Strictly speaking, the contrapositive of a statement which is not an implication doesn't make sense. However you can always fake the implication, the contrapositive of $\top \to A$ (or just $A$) is $\lnot A \to \bot$, i.e., a "proof by contradiction" is the contrapositive of a "proof (from tautology)."

I guess I can still answer the other two parts, which were added later on.

First, a proof by contradiction is a more versatile tool than the contrapositive. It is more efficient when dealing with complex statements, e.g. anything which is not a simple implication. Also, the contrapositive doesn't work very well when the hypothesis is not completely necessary or when implicit hypotheses are lurking around.

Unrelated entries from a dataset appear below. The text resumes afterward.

From HB Require Import structures.
From mathcomp Require Import all_boot all_order all_algebra.
From mathcomp Require Import complex.
From mathcomp Require Import reals boolp.
From mathcomp Require Import ring.

(* For a completely positive kernel P, labels f_i and a positive matrix X over
   B(H) indexed by a finite set K, the block matrix [P_{f_i,f_j}(X_ab)] indexed
   by pairs (i, a) is positive. If H contains |K| nonzero orthogonal vectors
   g_a, this is the defining property of P applied to finite-rank operators b_i
   sending g_a to the (i, a) component of a test vector. Otherwise H has a
   finite orthogonal basis g: X is then a combination of the matrix units
   |g_a><g_b| with a positive scalar coefficient matrix, and the first case
   together with the Schur product theorem (sum_ij x_ij c_ij >= 0 for positive
   scalar matrices x, c) gives positivity. Applying this to P and then to Q and
   keeping the diagonal blocks yields positivity of [Q_jk (P_jk (X_pq))], which
   is complete positivity of the composed kernel. *)

Set Implicit Arguments. Unset Strict Implicit. Unset Printing Implicit Defensive.
Import Order.TTheory GRing.Theory Num.Theory.
Local Open Scope ring_scope.

Section BigSums.
Variable V : nmodType.

Lemma exchange_big22 (I1 I2 I3 I4 : finType) (G : I1 -> I2 -> I3 -> I4 -> V) :
  \sum_a \sum_b \sum_c \sum_d G a b c d = \sum_c \sum_d \sum_a \sum_b G a b c d.
Proof.
under eq_bigr => a _ do rewrite exchange_big.
under eq_bigr => a _ do under eq_bigr => c _ do rewrite exchange_big.
by rewrite exchange_big; under eq_bigr => c _ do rewrite exchange_big.
Qed.

Lemma pair_bigA2 (T K : finType) (F : T * K -> T * K -> V) :
  \sum_i \sum_j F i j = \sum_I \sum_J \sum_p \sum_q F (I, p) (J, q).
Proof.
transitivity (\sum_I \sum_p \sum_J \sum_q F (I, p) (J, q)); last first.
  by apply: eq_bigr => I _; rewrite exchange_big.
rewrite (pair_bigA _ (fun I p => \sum_J \sum_q F (I, p) (J, q))).
apply: eq_bigr => -[I p] _ /=.
by rewrite (pair_bigA _ (fun J q => F (I, p) (J, q))); apply: eq_bigr => -[J q].
Qed.

Lemma sum_enum_val (K : finType) (F : K -> V) :
  \sum_(p < #|K|) F (enum_val p) = \sum_a F a.
Proof.
by rewrite [RHS](reindex (fun p : 'I_#|K| => enum_val p)) //; exact/onW_bij/enum_val_bij.
Qed.

End BigSums.

Section PsdMatrices.
Variables (C : numClosedFieldType) (I : finType).
Implicit Types (x c : I -> I -> C) (z : I -> C).

Definition delta k : I -> C := fun i => (i == k)%:R.
Lemma xix_y_const : dd 1 [2]%nat = (fun _ _ _ _ _ => rotation_rate).
Proof.
  apply R5fun_ext, independent_all_const. intros k Hk.
  destruct (Nat.eq_dec k 2) as [->|Hk2].
  - apply (independent_scale _ (dd 2 [1]%nat) _ (-1)).
    + intros. rewrite det_xiy_x. ring.
    + apply independent_Dk, independent_coef, xiy_y_zero. lia.
  - apply independent_Dk.
    destruct k as [|[|[|[|[|k]]]]]; try lia.
    + apply independent_coef, xix_t_zero. lia.
    + apply independent_coef, xix_x_zero. lia.
    + exact xix_independent_u.
    + exact xix_independent_v.
Qed.

Lemma xiy_x_const : dd 2 [1]%nat = (fun _ _ _ _ _ => - rotation_rate).
Proof. apply R5fun_ext. intros. rewrite det_xiy_x, xix_y_const. reflexivity. Qed.

Lemma eta1_u_const : dd 3 [3]%nat = (fun _ _ _ _ _ => - dilation_rate).
Proof.
  apply R5fun_ext. intros. rewrite det_eta1_u, xix_x_zero, xiy_y_zero, xit_t_const.
  unfold c0. ring.
Qed.

Lemma eta2_v_const : dd 4 [4]%nat = (fun _ _ _ _ _ => - dilation_rate).
Proof. rewrite eta2_v_eq. exact eta1_u_const. Qed.

Lemma LieSymCond_InSpanX : InSpanX V.
Proof.
  pose proof (smooth_env_coefs V HV) as Hs.
  pose proof (affine_of_const_Dk (coefs V 0) dilation_rate 0 0 0 0 (Hs 0%nat) xit_t_const
    (R5fun_ext _ _ det_xit_x) (R5fun_ext _ _ det_xit_y)
    (R5fun_ext _ _ det_xit_u) (R5fun_ext _ _ det_xit_v)) as At.
  pose proof (affine_of_const_Dk (coefs V 1) 0 0 rotation_rate 0 0 (Hs 1%nat)
    xix_t_zero xix_x_zero xix_y_const
    (Dk_independent _ _ xix_independent_u) (Dk_independent _ _ xix_independent_v)) as Ax.
  pose proof (affine_of_const_Dk (coefs V 2) 0 (- rotation_rate) 0 0 0 (Hs 2%nat)
    xiy_t_zero xiy_x_const xiy_y_zero
    (Dk_independent _ _ xiy_independent_u) (Dk_independent _ _ xiy_independent_v)) as Ay.
  pose proof (affine_of_const_Dk (coefs V 3) 0 0 0 (- dilation_rate) 0 (Hs 3%nat)
    eta1_t_zero eta1_x_zero eta1_y_zero eta1_u_const
    (Dk_independent _ _ eta1_independent_v)) as Au.
  pose proof (affine_of_const_Dk (coefs V 4) 0 0 0 0 (- dilation_rate) (Hs 4%nat)
    eta2_t_zero eta2_x_zero eta2_y_zero (R5fun_ext _ _ det_eta2_u) eta2_v_const) as Av.
  exists [coefs V 1 0 0 0 0 0; coefs V 2 0 0 0 0 0; coefs V 0 0 0 0 0 0;
          coefs V 3 0 0 0 0 0; coefs V 4 0 0 0 0 0; rotation_rate; dilation_rate].
  split; [reflexivity|]. intros t x y p1 p2.
  cbn -[rotation_rate dilation_rate] in At, Ax, Ay, Au, Av |- *.
  rewrite (At t x y p1 p2), (Ax t x y p1 p2), (Ay t x y p1 p2), (Au t x y p1 p2), (Av t x y p1 p2).
  unfold c0, Defs.c1. repeat split; ring.
Qed.

End LieSymmetries.

(** * The seven generators are symmetries *)

Definition affine_fun (a0 a1 a2 a3 a4 a5 : R) : R5fun :=
  fun t x y u v => a0 + a1 * t + a2 * x + a3 * y + a4 * u + a5 * v.

Definition nth5 (k : nat) (a1 a2 a3 a4 a5 : R) : R :=
  match k with
  | 0%nat => a1 | 1%nat => a2 | 2%nat => a3 | 3%nat => a4 | 4%nat => a5 | _ => 0
  end.

Lemma Dk_affine_fun k a0 a1 a2 a3 a4 a5 :
  Dk k (affine_fun a0 a1 a2 a3 a4 a5) = affine_fun (nth5 k a1 a2 a3 a4 a5) 0 0 0 0 0.
Proof.
  destruct (Nat.ltb_spec k 5) as [Hk|Hk].
  - apply R5fun_ext. intros t x y u v.
    change (lift5 (Dk k (affine_fun a0 a1 a2 a3 a4 a5)) (vec5 t x y u v) =
            nth5 k a1 a2 a3 a4 a5 + 0 * t + 0 * x + 0 * y + 0 * u + 0 * v).
    rewrite lift5_Dk by auto. unfold PDv.
    rewrite dlim_eq with (l := nth5 k a1 a2 a3 a4 a5); [ring|].
    destruct k as [|[|[|[|[|k]]]]]; try lia;
      apply derivable_pt_lim_affine; intro s; unfold lift5, upd, affine_fun; simpl; ring.
  - rewrite Dk_ge5 by lia.
    apply R5fun_ext. intros. destruct k as [|[|[|[|[|k]]]]]; try lia.
    unfold c0, affine_fun, nth5. ring.
Qed.

Lemma Dks_affine_fun K a0 a1 a2 a3 a4 a5 :
  exists b0 b1 b2 b3 b4 b5, Dks K (affine_fun a0 a1 a2 a3 a4 a5) = affine_fun b0 b1 b2 b3 b4 b5.
Proof.
  induction K as [|k K (b0 & b1 & b2 & b3 & b4 & b5 & IH)]; simpl.
  - do 6 eexists. reflexivity.
  - rewrite IH, Dk_affine_fun. do 6 eexists. reflexivity.
Qed.

Lemma Dks_affine_fun_2 k1 k2 K a0 a1 a2 a3 a4 a5 :
  Dks (k1 :: k2 :: K) (affine_fun a0 a1 a2 a3 a4 a5) = affine_fun 0 0 0 0 0 0.
Proof.
  destruct (Dks_affine_fun K a0 a1 a2 a3 a4 a5) as (b0 & b1 & b2 & b3 & b4 & b5 & E).
  simpl. rewrite E, !Dk_affine_fun. destruct k1 as [|[|[|[|[|k1]]]]]; reflexivity.
Qed.

Fixpoint subst_coef (rho : nat -> list nat -> option dexp) (e : dexp) : dexp :=
  match e with
  | DCoef c K => match rho c K with Some e' => e' | None => e end
  | DAdd e1 e2 => dadd (subst_coef rho e1) (subst_coef rho e2)
  | DMul e1 e2 => dmul (subst_coef rho e1) (subst_coef rho e2)
  | _ => e
  end.

Lemma deval_subst_coef env rho e p :
  (forall c K e', rho c K = Some e' -> deval env e' p = deval env (DCoef c K) p) ->
  deval env (subst_coef rho e) p = deval env e p.
Proof.
  intros H. induction e; simpl; auto.
  - destruct (rho c K) eqn:E; [apply H; auto | reflexivity].
  - rewrite deval_dadd; simpl; congruence.
  - rewrite deval_dmul; simpl; congruence.
Qed.

Section AffineFields.
Variables k1 k2 k3 k4 k5 k6 k7 : R.

(* The components of k1 X1 + ... + k7 X7. *)
Definition affine_env (c : nat) : R5fun :=
  match c with
  | 0 => affine_fun k3 k7 0 0 0 0
  | 1 => affine_fun k1 0 0 k6 0 0
  | 2 => affine_fun k2 0 (-k6) 0 0 0
  | 3 => affine_fun k4 0 0 0 (-k7) 0
  | 4 => affine_fun k5 0 0 0 0 (-k7)
  | _ => affine_fun 0 0 0 0 0 0
  end%nat.

Definition affine_first_derivative (c k : nat) : option R :=
  match c, k with
  | 0, 0 => Some k7
  | 1, 2 => Some k6
  | 2, 1 => Some (-k6)
  | 3, 3 => Some (-k7)
  | 4, 4 => Some (-k7)
  | _, _ => None
  end%nat.

Definition affine_derivatives (c : nat) (K : list nat) : option dexp :=
  match K with
  | [] => None
  | [k] => Some (match affine_first_derivative c k with Some r => DConst r | None => DZero end)
  | _ => Some DZero
  end.

Lemma affine_derivatives_correct p c K e' : affine_derivatives c K = Some e' ->
  deval affine_env e' p = deval affine_env (DCoef c K) p.
Proof.
  destruct K as [|k [|k' K]]; intro H; [discriminate| |];
    cbn [affine_derivatives] in H; inversion H; subst; clear H; cbn [deval].
  - change (Dks [k] (affine_env c)) with (Dk k (affine_env c)).
    destruct c as [|[|[|[|[|c]]]]]; cbn [affine_env]; rewrite Dk_affine_fun;
      destruct k as [|[|[|[|[|k]]]]]; cbn; unfold affine_fun; ring.
  - destruct c as [|[|[|[|[|c]]]]]; cbn [affine_env]; rewrite Dks_affine_fun_2;
      cbn; unfold affine_fun; ring.
Qed.

Lemma deval_dprol_affine e alpha a p : (a < 2)%nat ->
  deval affine_env (dprol (dEqA e alpha a)) p = -2 * k7 * deval affine_env (dEqA e alpha a) p.
Proof.
  intros Ha.
  rewrite <- (deval_subst_coef affine_env affine_derivatives)
    by (intros; apply affine_derivatives_correct; auto).
  destruct a as [|[|a]]; [| |lia];
  (let X := fresh "X" in
   remember (subst_coef affine_derivatives (dprol (dEqA e alpha _))) as X eqn:HX;
   vm_compute in HX; subst X);
  cbn [deval Dks]; unfold dEqA, domegaD; cbn [deval mi_add Nat.add]; ring.
Qed.

End AffineFields.

Lemma IsLinComb_coefs V c : IsLinComb V c ->
  exists k1 k2 k3 k4 k5 k6 k7, coefs V = affine_env k1 k2 k3 k4 k5 k6 k7.
Proof.
  intros [Hlen H].
  destruct c as [|k1 [|k2 [|k3 [|k4 [|k5 [|k6 [|k7 [|k8 c]]]]]]]]; try discriminate.
  exists k1, k2, k3, k4, k5, k6, k7.
  extensionality c. apply R5fun_ext. intros t x y u v.
  destruct (H t x y u v) as (Et & Ex & Ey & Eu & Ev). cbn in Et, Ex, Ey, Eu, Ev.
  unfold c0, Defs.c1 in *.
  destruct c as [|[|[|[|[|c]]]]]; cbn [coefs affine_env]; unfold affine_fun.
  - rewrite Et; ring.
  - rewrite Ex; ring.
  - rewrite Ey; ring.
  - rewrite Eu; ring.
  - rewrite Ev; ring.
  - unfold c0; ring.
Qed.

For (pseudo-)example, suppose $A$ and $B$ are statements about widgets with property $C$. You have proof that $A \to B$ by assuming that $A$ and $\lnot B$ and concluding that either $\lnot A$ or the widget does not have $C$. You could formally conclude $\lnot A$ from the failure of $C$ since $C$ is an implicit hypothesis, but that would be unnatural. Proving $\lnot B \to \lnot A$ directly might be difficult since it is unclear where the implicit hypothesis $C$ should come in play. Of course, all of this can be fixed by removing unnecessary hypotheses and stating all implicit hypotheses, but this only happens in fairy tales (a.k.a. well written textbook exercises). See Pete's answer (and vote it up!) for more concrete examples...

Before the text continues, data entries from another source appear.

Inductive rule (s : calc) : rinst -> Prop :=
| ri_ax x p : rule s (RInst [LW x (Atom p)] [LW x (Atom p)] [] NoEigen)
| ri_bot x : rule s (RInst [LW x Bot] [] [] NoEigen)
| ri_Land x A B : rule s (RInst [LW x (And A B)] [] [([LW x A; LW x B], [])] NoEigen)
| ri_Rand x A B : rule s (RInst [] [LW x (And A B)] [([], [LW x A]); ([], [LW x B])] NoEigen)
| ri_Lor x A B : rule s (RInst [LW x (Or A B)] [] [([LW x A], []); ([LW x B], [])] NoEigen)
| ri_Ror x A B : rule s (RInst [] [LW x (Or A B)] [([], [LW x A; LW x B])] NoEigen)
| ri_Limp x A B : rule s (RInst [LW x (Imp A B)] [] [([], [LW x A]); ([LW x B], [])] NoEigen)
| ri_Rimp x A B : rule s (RInst [] [LW x (Imp A B)] [([LW x A], [LW x B])] NoEigen)
| ri_Lall x a A :
    rule s (RInst [LIn x a; LAll a A] [] [([LW x A; LIn x a; LAll a A], [])] NoEigen)
| ri_Rall x a A : rule s (RInst [] [LAll a A] [([LIn x a], [LW x A])] (WEigen x))
| ri_Lex x a A : rule s (RInst [LEx a A] [] [([LIn x a; LW x A], [])] (WEigen x))
| ri_Rex x a A :
    rule s (RInst [LIn x a] [LEx a A] [([LIn x a], [LW x A; LEx a A])] NoEigen)
| ri_Rcond n x A B : rule s (RInst [] [LW x (Cond A B)]
    [([LN (NV n) x; LEx (NV n) A], [LCond x (NV n) A B])] (NEigen n))
| ri_Lcond a x A B : rule s (RInst [LN a x; LW x (Cond A B)] []
    [([LN a x; LW x (Cond A B)], [LEx a A]);
     ([LCond x a A B; LN a x; LW x (Cond A B)], [])] NoEigen)
| ri_Rbar c x a A B : rule s (RInst [LN c x; LSub c a] [LCond x a A B]
    [([LN c x; LSub c a], [LCond x a A B; LEx c A]);
     ([LN c x; LSub c a], [LCond x a A B; LAll c (Imp A B)])] NoEigen)
| ri_Lbar n x a A B : rule s (RInst [LCond x a A B] []
    [([LN (NV n) x; LSub (NV n) a; LEx (NV n) A; LAll (NV n) (Imp A B)], [])] (NEigen n))
| ri_Ref a : rule s (RInst [] [] [([LSub a a], [])] NoEigen)
| ri_Tr c a b :
    rule s (RInst [LSub c b; LSub b a] [] [([LSub c a; LSub c b; LSub b a], [])] NoEigen)
| ri_Lsub x a b :
    rule s (RInst [LIn x a; LSub a b] [] [([LIn x a; LSub a b; LIn x b], [])] NoEigen)
| ri_N n x : hasN s = true -> rule s (RInst [] [] [([LN (NV n) x], [])] (NEigen n))
| ri_0 y a x : hasN s = true -> rule s (RInst [LN a x] [] [([LIn y a; LN a x], [])] (WEigen y))
| ri_T n x : hasT s = true ->
    rule s (RInst [] [] [([LIn x (NV n); LN (NV n) x], [])] (NEigen n))
| ri_W x a : hasW s = true -> rule s (RInst [LN a x] [] [([LIn x a; LN a x], [])] NoEigen)
| ri_Single x : hasC s = true ->
    rule s (RInst [LN (NS x) x] [] [([LIn x (NS x); LN (NS x) x], [])] NoEigen)
| ri_C x a : hasC s = true ->
    rule s (RInst [LN a x] [] [([LN (NS x) x; LSub (NS x) a; LN a x], [])] NoEigen)
| ri_Repl1 y x t : hasC s = true ->
    rule s (RInst [LIn y (NS x); atI t x] [] [([LIn y (NS x); atI t x; atI t y], [])] NoEigen)
| ri_Repl2 y x t : hasC s = true ->
    rule s (RInst [LIn y (NS x); atI t y] [] [([LIn y (NS x); atI t x; atI t y], [])] NoEigen)
| ri_U1 n a b x y z P : hasU s = true -> contr P [LN a x; LIn y a; LN b y; LIn z b] ->
    rule s (RInst P [] [(LIn z (NV n) :: LN (NV n) x :: P, [])] (NEigen n))
| ri_U2 n a b x y z P : hasU s = true -> contr P [LN a x; LIn y a; LN b x; LIn z b] ->
    rule s (RInst P [] [(LIn z (NV n) :: LN (NV n) y :: P, [])] (NEigen n))
| ri_A1 a b x y P : hasA s = true -> contr P [LN a x; LIn y a; LN b x] ->
    rule s (RInst P [] [(LN b y :: P, [])] NoEigen)
| ri_A2 a b x y : hasA s = true ->
    rule s (RInst [LN a x; LIn y a; LN b y] [] [([LN b x; LN a x; LIn y a; LN b y], [])] NoEigen).

Inductive uder (s : calc) : list lform -> list lform -> Prop :=
| uder_rule r Γ Δ G D : rule s r ->
    Permutation G (pant r ++ Γ) -> Permutation D (psuc r ++ Δ) ->
    eigen_fresh (eigv r) (pant r ++ psuc r ++ Γ ++ Δ) ->
    (forall Q R, In (Q, R) (prems r) -> uder s (Q ++ Γ) (R ++ Δ)) -> uder s G D.

Lemma uder_perm s G D G' D' :
  uder s G D -> Permutation G G' -> Permutation D D' -> uder s G' D'.
Proof.
  intros [r Γ Δ G0 D0 Hr HG HD Hf Hp] HG' HD'.
  apply uder_rule with r Γ Δ; auto.
  - rewrite <- HG'. exact HG.
  - rewrite <- HD'. exact HD.
Qed.

Lemma wfresh_incl x l1 l2 : incl l1 l2 -> wfresh x l2 -> wfresh x l1.
Proof. unfold wfresh; intros Hi Hf F HF; apply Hf, Hi, HF. Qed.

Finally, to answer the very last part. The implication

$(B \to A) \to (\lnot A \to \lnot B)$

is intuitionistically valid. Indeed, the right hand side is a much weaker statement. The converse

$(\lnot A \to \lnot B) \to (B \to A)$

gives $\lnot\lnot A \to A$ when substituting $\top$ for $B$, so it only holds in classical logic. However,

$(B \to \lnot A) \leftrightarrow (A \to \lnot B)$

is intuitionistically valid, both sides say $\lnot(A \land B)$. So you can always take the contrapositive of an implication whose conclusion is negative. This is yet another face of the old saying "you can't prove a negative" or, more accurately, proving a negative is inherently nonconstructive.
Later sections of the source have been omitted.